— WORK INSTRUCTION —
Please return the lines below verbatim, beginning at the one that has "- by move=> [|n] t [|x v]." and stopping after the one that has "by rewrite IHg.", and add no other lines.

— Saved entries —
============

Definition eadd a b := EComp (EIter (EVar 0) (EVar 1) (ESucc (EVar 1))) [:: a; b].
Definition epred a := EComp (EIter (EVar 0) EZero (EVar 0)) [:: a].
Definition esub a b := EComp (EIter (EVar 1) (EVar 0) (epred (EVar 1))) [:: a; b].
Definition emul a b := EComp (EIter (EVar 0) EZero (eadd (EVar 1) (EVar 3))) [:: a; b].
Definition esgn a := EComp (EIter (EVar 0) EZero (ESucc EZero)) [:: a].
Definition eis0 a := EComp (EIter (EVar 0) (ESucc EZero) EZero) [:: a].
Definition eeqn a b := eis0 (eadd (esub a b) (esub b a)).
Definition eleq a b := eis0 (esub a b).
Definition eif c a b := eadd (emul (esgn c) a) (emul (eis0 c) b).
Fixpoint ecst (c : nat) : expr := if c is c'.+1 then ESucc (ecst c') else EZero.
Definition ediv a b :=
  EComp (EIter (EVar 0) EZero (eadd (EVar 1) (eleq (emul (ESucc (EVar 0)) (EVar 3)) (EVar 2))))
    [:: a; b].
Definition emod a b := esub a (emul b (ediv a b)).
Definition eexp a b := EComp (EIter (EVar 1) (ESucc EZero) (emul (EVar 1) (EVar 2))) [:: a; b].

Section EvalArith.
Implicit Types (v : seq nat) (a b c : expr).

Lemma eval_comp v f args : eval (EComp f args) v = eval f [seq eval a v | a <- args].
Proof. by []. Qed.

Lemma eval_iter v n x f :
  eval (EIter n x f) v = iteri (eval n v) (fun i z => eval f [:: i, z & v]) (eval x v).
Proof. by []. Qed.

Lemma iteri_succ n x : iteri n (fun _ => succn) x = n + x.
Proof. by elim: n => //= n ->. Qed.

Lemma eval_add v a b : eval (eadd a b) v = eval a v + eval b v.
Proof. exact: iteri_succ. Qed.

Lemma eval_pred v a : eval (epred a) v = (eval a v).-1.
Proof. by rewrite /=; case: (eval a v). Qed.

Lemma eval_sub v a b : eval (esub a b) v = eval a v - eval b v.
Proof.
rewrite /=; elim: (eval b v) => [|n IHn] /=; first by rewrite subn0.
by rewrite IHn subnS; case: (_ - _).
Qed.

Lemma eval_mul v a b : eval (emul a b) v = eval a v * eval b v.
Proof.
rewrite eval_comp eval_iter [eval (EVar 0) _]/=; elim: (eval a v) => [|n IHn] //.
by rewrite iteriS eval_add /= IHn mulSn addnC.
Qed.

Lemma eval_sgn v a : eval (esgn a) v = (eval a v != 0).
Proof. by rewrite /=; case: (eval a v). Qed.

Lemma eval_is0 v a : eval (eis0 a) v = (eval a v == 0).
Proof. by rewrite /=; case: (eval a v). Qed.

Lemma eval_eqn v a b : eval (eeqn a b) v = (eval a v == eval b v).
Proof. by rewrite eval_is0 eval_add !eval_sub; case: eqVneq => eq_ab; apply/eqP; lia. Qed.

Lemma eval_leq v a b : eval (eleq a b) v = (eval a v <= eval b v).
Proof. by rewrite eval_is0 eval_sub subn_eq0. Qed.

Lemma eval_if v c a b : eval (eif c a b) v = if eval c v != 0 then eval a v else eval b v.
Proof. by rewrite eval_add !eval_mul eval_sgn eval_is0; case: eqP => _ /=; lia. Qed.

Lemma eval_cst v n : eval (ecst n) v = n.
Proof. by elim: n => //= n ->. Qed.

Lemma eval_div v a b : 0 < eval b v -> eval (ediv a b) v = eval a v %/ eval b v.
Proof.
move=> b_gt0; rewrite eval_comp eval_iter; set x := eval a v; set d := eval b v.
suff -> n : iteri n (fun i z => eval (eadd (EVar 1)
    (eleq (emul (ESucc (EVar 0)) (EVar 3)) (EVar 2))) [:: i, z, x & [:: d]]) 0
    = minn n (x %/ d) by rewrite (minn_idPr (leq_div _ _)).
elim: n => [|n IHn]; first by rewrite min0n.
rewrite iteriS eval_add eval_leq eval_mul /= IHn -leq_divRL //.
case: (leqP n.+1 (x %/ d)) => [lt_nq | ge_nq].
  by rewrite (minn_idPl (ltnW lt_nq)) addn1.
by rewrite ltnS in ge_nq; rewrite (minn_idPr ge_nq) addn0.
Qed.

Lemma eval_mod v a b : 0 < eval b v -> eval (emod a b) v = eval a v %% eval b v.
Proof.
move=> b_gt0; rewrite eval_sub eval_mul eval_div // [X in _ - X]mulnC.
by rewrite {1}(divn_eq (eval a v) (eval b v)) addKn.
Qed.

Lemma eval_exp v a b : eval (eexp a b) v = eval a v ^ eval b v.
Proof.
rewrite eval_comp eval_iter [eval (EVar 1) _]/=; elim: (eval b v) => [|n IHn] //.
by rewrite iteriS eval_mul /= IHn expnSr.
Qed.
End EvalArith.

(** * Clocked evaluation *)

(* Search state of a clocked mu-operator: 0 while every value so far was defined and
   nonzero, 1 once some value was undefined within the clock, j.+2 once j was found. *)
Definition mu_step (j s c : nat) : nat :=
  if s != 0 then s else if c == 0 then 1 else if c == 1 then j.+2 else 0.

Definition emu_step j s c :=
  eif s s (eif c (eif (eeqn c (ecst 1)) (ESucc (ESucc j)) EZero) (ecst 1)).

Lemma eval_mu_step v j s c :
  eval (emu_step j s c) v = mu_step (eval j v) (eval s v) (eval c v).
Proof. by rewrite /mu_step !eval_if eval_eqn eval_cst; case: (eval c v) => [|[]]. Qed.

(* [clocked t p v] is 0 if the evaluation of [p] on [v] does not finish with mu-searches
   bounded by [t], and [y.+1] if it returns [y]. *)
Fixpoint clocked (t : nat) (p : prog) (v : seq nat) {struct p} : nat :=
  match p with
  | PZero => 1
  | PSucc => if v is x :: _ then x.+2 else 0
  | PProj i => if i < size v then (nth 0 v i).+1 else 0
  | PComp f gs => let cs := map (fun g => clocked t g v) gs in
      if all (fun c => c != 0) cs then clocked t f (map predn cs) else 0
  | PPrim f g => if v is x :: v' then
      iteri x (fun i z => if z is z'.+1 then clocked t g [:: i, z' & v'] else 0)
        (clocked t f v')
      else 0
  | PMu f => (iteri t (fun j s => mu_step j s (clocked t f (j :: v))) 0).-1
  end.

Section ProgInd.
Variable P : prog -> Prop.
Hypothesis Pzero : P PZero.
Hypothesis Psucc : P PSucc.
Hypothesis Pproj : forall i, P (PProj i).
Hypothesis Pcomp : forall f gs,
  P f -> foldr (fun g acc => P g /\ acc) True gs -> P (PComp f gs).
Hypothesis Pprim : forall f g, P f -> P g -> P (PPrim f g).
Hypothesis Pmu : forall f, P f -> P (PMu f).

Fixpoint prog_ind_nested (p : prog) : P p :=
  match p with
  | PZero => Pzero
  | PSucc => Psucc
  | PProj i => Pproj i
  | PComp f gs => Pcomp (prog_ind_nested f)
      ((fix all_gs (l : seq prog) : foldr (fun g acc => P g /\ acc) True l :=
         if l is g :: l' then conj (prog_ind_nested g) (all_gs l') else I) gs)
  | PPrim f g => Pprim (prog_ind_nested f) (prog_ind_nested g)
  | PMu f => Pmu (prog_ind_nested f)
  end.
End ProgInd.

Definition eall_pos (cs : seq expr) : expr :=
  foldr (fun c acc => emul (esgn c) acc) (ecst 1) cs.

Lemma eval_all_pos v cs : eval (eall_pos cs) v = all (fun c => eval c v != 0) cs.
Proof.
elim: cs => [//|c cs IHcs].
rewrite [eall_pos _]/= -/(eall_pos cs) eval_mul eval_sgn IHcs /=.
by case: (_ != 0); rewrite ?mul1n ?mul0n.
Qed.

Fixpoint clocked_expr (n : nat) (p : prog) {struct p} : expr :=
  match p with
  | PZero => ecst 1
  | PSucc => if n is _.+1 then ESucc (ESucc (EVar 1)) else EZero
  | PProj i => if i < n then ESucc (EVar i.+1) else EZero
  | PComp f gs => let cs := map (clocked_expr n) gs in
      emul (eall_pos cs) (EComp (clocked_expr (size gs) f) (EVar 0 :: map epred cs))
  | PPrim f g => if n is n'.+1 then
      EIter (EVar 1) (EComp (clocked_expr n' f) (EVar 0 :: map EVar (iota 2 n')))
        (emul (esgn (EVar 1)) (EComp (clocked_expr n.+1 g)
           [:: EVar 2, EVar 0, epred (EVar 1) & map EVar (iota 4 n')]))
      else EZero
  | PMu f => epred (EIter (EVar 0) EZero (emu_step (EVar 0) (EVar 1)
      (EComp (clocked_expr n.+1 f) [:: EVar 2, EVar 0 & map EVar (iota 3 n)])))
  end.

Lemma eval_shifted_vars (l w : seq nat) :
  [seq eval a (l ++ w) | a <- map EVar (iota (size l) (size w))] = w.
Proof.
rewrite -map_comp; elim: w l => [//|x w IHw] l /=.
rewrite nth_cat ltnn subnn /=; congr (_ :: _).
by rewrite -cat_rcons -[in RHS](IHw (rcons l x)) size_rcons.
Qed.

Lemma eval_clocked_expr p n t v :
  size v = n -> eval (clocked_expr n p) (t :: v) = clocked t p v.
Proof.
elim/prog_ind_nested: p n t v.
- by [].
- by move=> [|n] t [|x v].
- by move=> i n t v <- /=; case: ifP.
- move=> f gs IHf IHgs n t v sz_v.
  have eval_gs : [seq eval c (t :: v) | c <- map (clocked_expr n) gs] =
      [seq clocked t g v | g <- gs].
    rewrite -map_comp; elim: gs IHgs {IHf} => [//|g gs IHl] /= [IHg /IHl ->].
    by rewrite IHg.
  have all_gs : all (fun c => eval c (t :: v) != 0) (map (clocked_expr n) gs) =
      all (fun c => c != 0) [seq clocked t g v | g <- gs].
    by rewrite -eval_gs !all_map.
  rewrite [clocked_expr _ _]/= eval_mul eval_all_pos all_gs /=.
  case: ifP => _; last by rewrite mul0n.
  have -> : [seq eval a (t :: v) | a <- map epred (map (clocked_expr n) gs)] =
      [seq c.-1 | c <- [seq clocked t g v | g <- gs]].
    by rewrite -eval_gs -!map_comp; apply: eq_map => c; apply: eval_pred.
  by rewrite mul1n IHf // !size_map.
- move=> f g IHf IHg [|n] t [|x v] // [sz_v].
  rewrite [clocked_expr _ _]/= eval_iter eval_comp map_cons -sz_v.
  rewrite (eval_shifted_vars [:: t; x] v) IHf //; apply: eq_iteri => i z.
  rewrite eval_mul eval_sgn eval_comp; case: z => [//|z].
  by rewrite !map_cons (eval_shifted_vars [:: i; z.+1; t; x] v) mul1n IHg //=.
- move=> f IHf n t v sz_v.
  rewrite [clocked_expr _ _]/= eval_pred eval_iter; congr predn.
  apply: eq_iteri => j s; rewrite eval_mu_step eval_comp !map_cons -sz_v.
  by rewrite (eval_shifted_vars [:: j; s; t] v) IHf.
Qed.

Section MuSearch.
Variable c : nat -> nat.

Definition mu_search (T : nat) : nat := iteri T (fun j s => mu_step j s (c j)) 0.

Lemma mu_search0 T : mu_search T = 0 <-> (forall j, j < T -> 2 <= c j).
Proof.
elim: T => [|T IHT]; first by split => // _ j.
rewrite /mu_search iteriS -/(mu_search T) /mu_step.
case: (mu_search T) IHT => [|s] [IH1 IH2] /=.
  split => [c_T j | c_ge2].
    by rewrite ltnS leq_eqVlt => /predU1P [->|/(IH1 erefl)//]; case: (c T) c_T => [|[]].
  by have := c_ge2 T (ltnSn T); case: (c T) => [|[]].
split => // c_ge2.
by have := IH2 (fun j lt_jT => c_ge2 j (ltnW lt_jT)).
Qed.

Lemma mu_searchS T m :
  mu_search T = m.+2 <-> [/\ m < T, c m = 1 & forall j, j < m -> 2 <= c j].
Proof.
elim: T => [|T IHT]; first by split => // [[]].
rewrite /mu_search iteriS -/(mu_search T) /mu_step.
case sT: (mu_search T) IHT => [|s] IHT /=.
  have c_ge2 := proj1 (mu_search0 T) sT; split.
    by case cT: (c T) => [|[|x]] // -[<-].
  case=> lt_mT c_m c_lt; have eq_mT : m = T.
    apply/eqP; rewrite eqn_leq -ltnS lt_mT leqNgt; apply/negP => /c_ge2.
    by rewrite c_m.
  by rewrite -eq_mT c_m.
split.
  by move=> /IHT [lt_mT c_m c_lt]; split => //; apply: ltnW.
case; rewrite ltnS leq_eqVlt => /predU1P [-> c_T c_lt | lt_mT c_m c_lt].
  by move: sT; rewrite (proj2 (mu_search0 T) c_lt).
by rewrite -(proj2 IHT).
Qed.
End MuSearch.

============

— TASK OUTPUT —
- by move=> [|n] t [|x v].
- by move=> i n t v <- /=; case: ifP.
- move=> f gs IHf IHgs n t v sz_v.
  have eval_gs : [seq eval c (t :: v) | c <- map (clocked_expr n) gs] =
      [seq clocked t g v | g <- gs].
    rewrite -map_comp; elim: gs IHgs {IHf} => [//|g gs IHl] /= [IHg /IHl ->].
    by rewrite IHg.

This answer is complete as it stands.